[TO DO]:
When a line in the entries contains the word "whose", copy that line in full.

[Saved data entries]
════════

(* Let $n,p>1$ and $q\geq 1$ be integers. A magic column rectangle $MCR(n^{(p)};q)$ exists if and only if $n$ is even or all three of $n,p,q$ are odd.
   Context: A magic column rectangle $MCR(n^{(p)};q)$ is an $np\times q$ matrix whose entries are $1,2,\ldots,npq$, each appearing exactly once, which is partitioned into $pq$ blocks of size $n\times 1$ (each column is split into $p$ consecutive segments of $n$ entries) such that the sum of the entries in every block is the same constant (necessarily $\frac{n(npq+1)}{2}$). *)

From mathcomp Require Import all_boot all_order all_algebra.
Set Implicit Arguments. Unset Strict Implicit. Unset Printing Implicit Defensive.

Lemma seg_row_lt (n p : nat) (s : 'I_p) (r : 'I_n) : s * n + r < n * p.
Proof.
case: s r => s hs [r hr] /=.
apply: (@leq_trans (s * n + n)); first by rewrite ltn_add2l.
by rewrite addnC -mulSn mulnC leq_mul2l hs orbT.
Qed.

Definition seg_row (n p : nat) (s : 'I_p) (r : 'I_n) : 'I_(n * p) :=
  Ordinal (seg_row_lt s r).

Definition is_MCR (n p q : nat) (A : 'M[nat]_(n * p, q)) : Prop :=
  (forall k, 1 <= k <= n * p * q ->
     exists! ij : 'I_(n * p) * 'I_q, A ij.1 ij.2 = k) /\
  (forall i j, 1 <= A i j <= n * p * q) /\
  exists c : nat, forall (s : 'I_p) (j : 'I_q),
    \sum_(r < n) A (seg_row s r) j = c.

Definition MCR_exists (n p q : nat) : Prop :=
  exists A : 'M[nat]_(n * p, q), is_MCR A.

(* Necessity: the pq segments all have sum c and together contain 1, ..., npq,
   so pq c = npq (npq + 1) / 2, i.e. 2c = n (npq + 1); for odd n this forces
   npq, hence p and q, to be odd.

   Sufficiency: let m = pq and take a Kotzig array with n rows, i.e. n
   permutations w_0, ..., w_(n-1) of {0, ..., m-1} whose column sums
   c = sum_r w_r(k) do not depend on k.  Number the segments 0, ..., m-1 and put
   r m + w_r(k) + 1 in position r of segment k: the entries are 1, ..., npq
   and every segment sums to m n(n-1)/2 + c + n.  Kotzig arrays stack, and
   (k, m-1-k) gives one with two rows for every m, while for m = 2h+1 the rows
   k, k + h (mod m) and 3h - k - (k + h mod m) give one with three rows; hence
   they exist for every even n, and for every odd n >= 3 when m is odd. *)

From mathcomp Require Import all_boot all_order all_algebra.
From mathcomp Require Import zify.

Set Implicit Arguments.
Unset Strict Implicit.
Unset Printing Implicit Defensive.

Lemma divmod_uniq {d a b a' b'} : b < d -> b' < d ->
  a * d + b = a' * d + b' -> a = a' /\ b = b'.
Proof.
by move=> lt_bd lt_b'd /(congr1 (edivn^~ d)); rewrite !edivn_eq // => -[].
Qed.

Lemma double_bin2 n : 'C(n, 2).*2 = n * n.-1.
Proof.
rewrite bin2 -[RHS]odd_double_half oddM.
by case: n => //= n; rewrite andNb.
Qed.

Section InjectiveIntoOrdinal.
Variables (T : finType) (f : T -> nat).
Hypotheses (f_lt : forall x, f x < #|T|) (f_inj : injective f).

Let f_ord x : 'I_#|T| := Ordinal (f_lt x).

Let f_ord_bij : bijective f_ord.
Proof.
by apply: inj_card_bij; [move=> x y /(congr1 val)/f_inj | rewrite card_ord].
Qed.

Lemma inj_ord_onto k : k < #|T| -> exists! x, f x = k.
Proof.
move=> lt_k; have [g _ g_ordK] := f_ord_bij.
have fg : f (g (Ordinal lt_k)) = k by have /(congr1 val) := g_ordK (Ordinal lt_k).
by exists (g (Ordinal lt_k)); split=> // y fy; apply: f_inj; rewrite fg fy.
Qed.

Lemma sum_inj_ord : \sum_x f x = 'C(#|T|, 2).
Proof. by rewrite -bin2_sum big_mkord (reindex f_ord) //; apply: onW_bij. Qed.

End InjectiveIntoOrdinal.

Lemma sum_seg_row n p (F : 'I_(n * p) -> nat) :
  \sum_(i < n * p) F i = \sum_(s < p) \sum_(r < n) F (seg_row s r).
Proof.
rewrite pair_bigA /= (reindex (fun x : 'I_p * 'I_n => seg_row x.1 x.2)) //.
apply: onW_bij; apply: inj_card_bij; last by rewrite card_prod !card_ord mulnC.
move=> [s r] [s' r'] /(congr1 val) /=.
move/(divmod_uniq (ltn_ord r) (ltn_ord r')) => [eq_s eq_r].
by congr pair; apply: val_inj.
Qed.

Lemma sum_MCR_entries n p q (A : 'M[nat]_(n * p, q)) : is_MCR A ->
  \sum_(x : 'I_(n * p) * 'I_q) A x.1 x.2 = 'C((n * p * q).+1, 2).
Proof.
move=> [A_onto [A_range _]]; set N := n * p * q.
have card_N : #|{: 'I_(n * p) * 'I_q}| = N by rewrite card_prod !card_ord.
have lt_A x : (A x.1 x.2).-1 < #|{: 'I_(n * p) * 'I_q}|.
  by rewrite card_N; have := A_range x.1 x.2; lia.
have inj_A : injective (fun x : 'I_(n * p) * 'I_q => (A x.1 x.2).-1).
  move=> x y eq_xy; have /A_onto[z [_ uz]] := A_range x.1 x.2.
  rewrite -(uz x) // (uz y) //.
  by have := A_range x.1 x.2; have := A_range y.1 y.2; lia.
rewrite binS bin1 -card_N -(sum_inj_ord lt_A inj_A) -sum1_card -big_split /=.
by apply: eq_bigr => x _; have := A_range x.1 x.2; lia.
Qed.

Lemma MCR_magic_constant n p q : 0 < p -> 0 < q -> MCR_exists n p q ->
  exists c, c.*2 = n * (n * p * q).+1.
Proof.
move=> p_gt0 q_gt0 [A MCR_A]; have [_ [_ [c sum_seg]]] := MCR_A; exists c.
have total : q * (p * c) = 'C((n * p * q).+1, 2).
  rewrite -(sum_MCR_entries MCR_A) -pair_bigA exchange_big /=.
  rewrite -[q in LHS]card_ord -sum_nat_const; apply: eq_bigr => j _.
  rewrite sum_seg_row -[p in LHS]card_ord -sum_nat_const.
  by apply: eq_bigr => s _; rewrite sum_seg.
have pq_gt0 : 0 < p * q by rewrite muln_gt0 p_gt0.
apply/eqP; rewrite -(eqn_pmul2l pq_gt0); apply/eqP.
by move/(congr1 double): total; rewrite double_bin2 /=; nia.
Qed.

Definition kotzig_array (n m : nat) (w : nat -> nat -> nat) : Prop :=
  [/\ forall r k, r < n -> k < m -> w r k < m,
      forall r k k', r < n -> k < m -> k' < m -> w r k = w r k' -> k = k' &
      exists c, forall k, k < m -> \sum_(0 <= r < n) w r k = c].

Definition stack_rows n1 (w1 w2 : nat -> nat -> nat) r :=
  if r < n1 then w1 r else w2 (r - n1).

Lemma kotzig_stack n1 n2 m w1 w2 :
  kotzig_array n1 m w1 -> kotzig_array n2 m w2 ->
  kotzig_array (n1 + n2) m (stack_rows n1 w1 w2).
Proof.
rewrite /stack_rows => -[lt1 inj1 [c1 sum1]] [lt2 inj2 [c2 sum2]]; split.
- move=> r k lt_r lt_k; case: (ltnP r n1) => [lt_rn1|le_n1r]; first exact: lt1.
  by apply: lt2; lia.
- move=> r k k' lt_r lt_k lt_k'; case: (ltnP r n1) => [lt_rn1|le_n1r].
    exact: inj1.
  by apply: inj2; lia.
- exists (c1 + c2) => k lt_k.
  rewrite (big_cat_nat _ (leq_addr n2 n1)) //= (big_addn 0 _ n1) addKn.
  rewrite -(sum1 k lt_k) -(sum2 k lt_k); congr (_ + _); apply: eq_big_nat => r.
    by case/andP=> _ ->.
  by move=> _; rewrite ltnNge leq_addl addnK.
Qed.

Definition pair_rows m r k := if r == 0 then k else m.-1 - k.

Lemma kotzig_pair m : kotzig_array 2 m (pair_rows m).
Proof.
rewrite /pair_rows; split.
- by case=> [|r] k _ lt_k /=; lia.
- by case=> [|r] k k' _ lt_k lt_k' /=; lia.
- by exists m.-1 => k lt_k; rewrite big_nat_recl // big_nat1 /=; lia.
Qed.

(* [k'] is [(k + h) %% h.*2.+1], written out without [modn]. *)
Definition triple_rows h r k :=
  let k' := if k <= h then k + h else k - h.+1 in
  match r with 0 => k | 1 => k' | _ => 3 * h - k - k' end.

Lemma kotzig_triple h : kotzig_array 3 h.*2.+1 (triple_rows h).
Proof.
rewrite /triple_rows; split.
- by case=> [|[|r]] k _ lt_k /=; try case: ifP; lia.
- by case=> [|[|r]] k k' _ lt_k lt_k' /=; do 2 try case: ifP; lia.
- exists (3 * h) => k lt_k.
  by rewrite !big_nat_recl // big_geq //=; case: ifP; lia.
Qed.

Lemma kotzig_even s m : exists w, kotzig_array s.*2 m w.
Proof.
elim: s => [|s [w kw]].
  by exists (fun _ _ => 0); split=> //; exists 0 => k _; rewrite big_geq.
exists (stack_rows 2 (pair_rows m) w); rewrite doubleS -addn2 addnC.
exact: kotzig_stack (kotzig_pair m) kw.
Qed.

Lemma kotzig_odd s m : odd m -> exists w, kotzig_array (s.*2 + 3) m w.
Proof.
move=> odd_m; have [w kw] := kotzig_even s m.
have m_eq : m = (m./2).*2.+1 by rewrite -[LHS]odd_double_half odd_m.
exists (stack_rows s.*2 w (triple_rows m./2)); apply: kotzig_stack kw _.
by rewrite [in X in kotzig_array _ X]m_eq; apply: kotzig_triple.
Qed.

Section MCRFromKotzig.
Variables (n p q : nat) (w : nat -> nat -> nat).
Hypotheses (n_gt0 : 0 < n) (kw : kotzig_array n (p * q) w).

Let div_lt (i : 'I_(n * p)) : i %/ n < p.
Proof. by rewrite ltn_divLR // (mulnC p). Qed.

Let seg (i : 'I_(n * p)) (j : 'I_q) := i %/ n + p * j.

Let seg_lt i j : seg i j < p * q.
Proof. by have := div_lt i; have := ltn_ord j; rewrite /seg; nia. Qed.

Let entry (x : 'I_(n * p) * 'I_q) :=
  x.1 %% n * (p * q) + w (x.1 %% n) (seg x.1 x.2).

Let entry_lt x : entry x < #|{: 'I_(n * p) * 'I_q}|.
Proof.
case: kw => w_lt _ _; rewrite card_prod !card_ord /entry.
have lt_r : x.1 %% n < n by rewrite ltn_mod.
have := w_lt _ _ lt_r (seg_lt x.1 x.2); nia.
Qed.

Let entry_inj : injective entry.
Proof.
case: kw => w_lt w_inj _ [i j] [i' j'] /=.
have lt_r : i %% n < n by rewrite ltn_mod.
have lt_r' : i' %% n < n by rewrite ltn_mod.
move/(divmod_uniq (w_lt _ _ lt_r (seg_lt i j)) (w_lt _ _ lt_r' (seg_lt i' j'))).
move=> [eq_r]; rewrite -eq_r => /(w_inj _ _ _ lt_r (seg_lt i j) (seg_lt i' j')).
rewrite /seg ![p * _]mulnC ![_ + _ * p]addnC.
move=> /(divmod_uniq (div_lt i) (div_lt i')) [eq_j eq_s].
have eq_i : i = i' :> nat by rewrite (divn_eq i n) (divn_eq i' n) eq_s eq_r.
by congr pair; apply: val_inj.
Qed.

Lemma MCR_of_kotzig : MCR_exists n p q.
Proof.
have card_npq : #|{: 'I_(n * p) * 'I_q}| = n * p * q by rewrite card_prod !card_ord.
exists (\matrix_(i, j) (entry (i, j)).+1)%R; split; [|split].
- move=> k /andP [k_gt0 le_k].
  have lt_k : k.-1 < #|{: 'I_(n * p) * 'I_q}| by rewrite card_npq; lia.
  have [x [ex ux]] := inj_ord_onto entry_lt entry_inj lt_k.
  exists x; split=> [|y]; rewrite mxE.
    by rewrite -surjective_pairing ex; lia.
  by rewrite -surjective_pairing => ey; apply: ux; lia.
- by move=> i j; rewrite mxE; have := entry_lt (i, j); rewrite card_npq; lia.
case: kw => _ _ [c sum_w].
exists (\sum_(r < n) r * (p * q) + c + n) => s j.
have lt_sj : s + p * j < p * q by have := ltn_ord j; have := ltn_ord s; nia.
rewrite (eq_bigr (fun r : 'I_n => r * (p * q) + w r (s + p * j) + 1)) => [|r _].
  rewrite !big_split /= sum1_card card_ord.
  by rewrite -(big_mkord xpredT (fun r => w r (s + p * j))) sum_w.
rewrite mxE /entry /seg /= modnMDl modn_small // divnMDl // divn_small //.
by rewrite addn0 addn1.
Qed.

End MCRFromKotzig.

Theorem theorem9 (n p q : nat) (hn : 1 < n) (hp : 1 < p) (hq : 1 <= q) :
  MCR_exists n p q <-> (~~ odd n \/ (odd n /\ odd p /\ odd q)).
Proof.
have n_gt0 : 0 < n by lia.
split.
  move=> /(MCR_magic_constant (ltnW hp) hq) [c /(congr1 odd)].
  rewrite odd_double oddM /= !oddM.
  by case: (odd n) (odd p) (odd q) => [] [] []; auto.
have half_n := odd_double_half n.
case=> [even_n | [odd_n [odd_p odd_q]]].
  have [w kw] := kotzig_even n./2 (p * q).
  have n_eq : n./2.*2 = n by rewrite -[RHS]half_n (negbTE even_n).
  by rewrite n_eq in kw; apply: MCR_of_kotzig n_gt0 kw.
have odd_pq : odd (p * q) by rewrite oddM odd_p odd_q.
have [w kw] := kotzig_odd (n./2 - 1) odd_pq.
have n_eq : (n./2 - 1).*2 + 3 = n by rewrite odd_n in half_n; rewrite -mul2n; lia.
by rewrite n_eq in kw; apply: MCR_of_kotzig n_gt0 kw.
Qed.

════════

[ANSWER TO THE PROBLEM]:
   Context: A magic column rectangle $MCR(n^{(p)};q)$ is an $np\times q$ matrix whose entries are $1,2,\ldots,npq$, each appearing exactly once, which is partitioned into $pq$ blocks of size $n\times 1$ (each column is split into $p$ consecutive segments of $n$ entries) such that the sum of the entries in every block is the same constant (necessarily $\frac{n(npq+1)}{2}$). *)
   permutations w_0, ..., w_(n-1) of {0, ..., m-1} whose column sums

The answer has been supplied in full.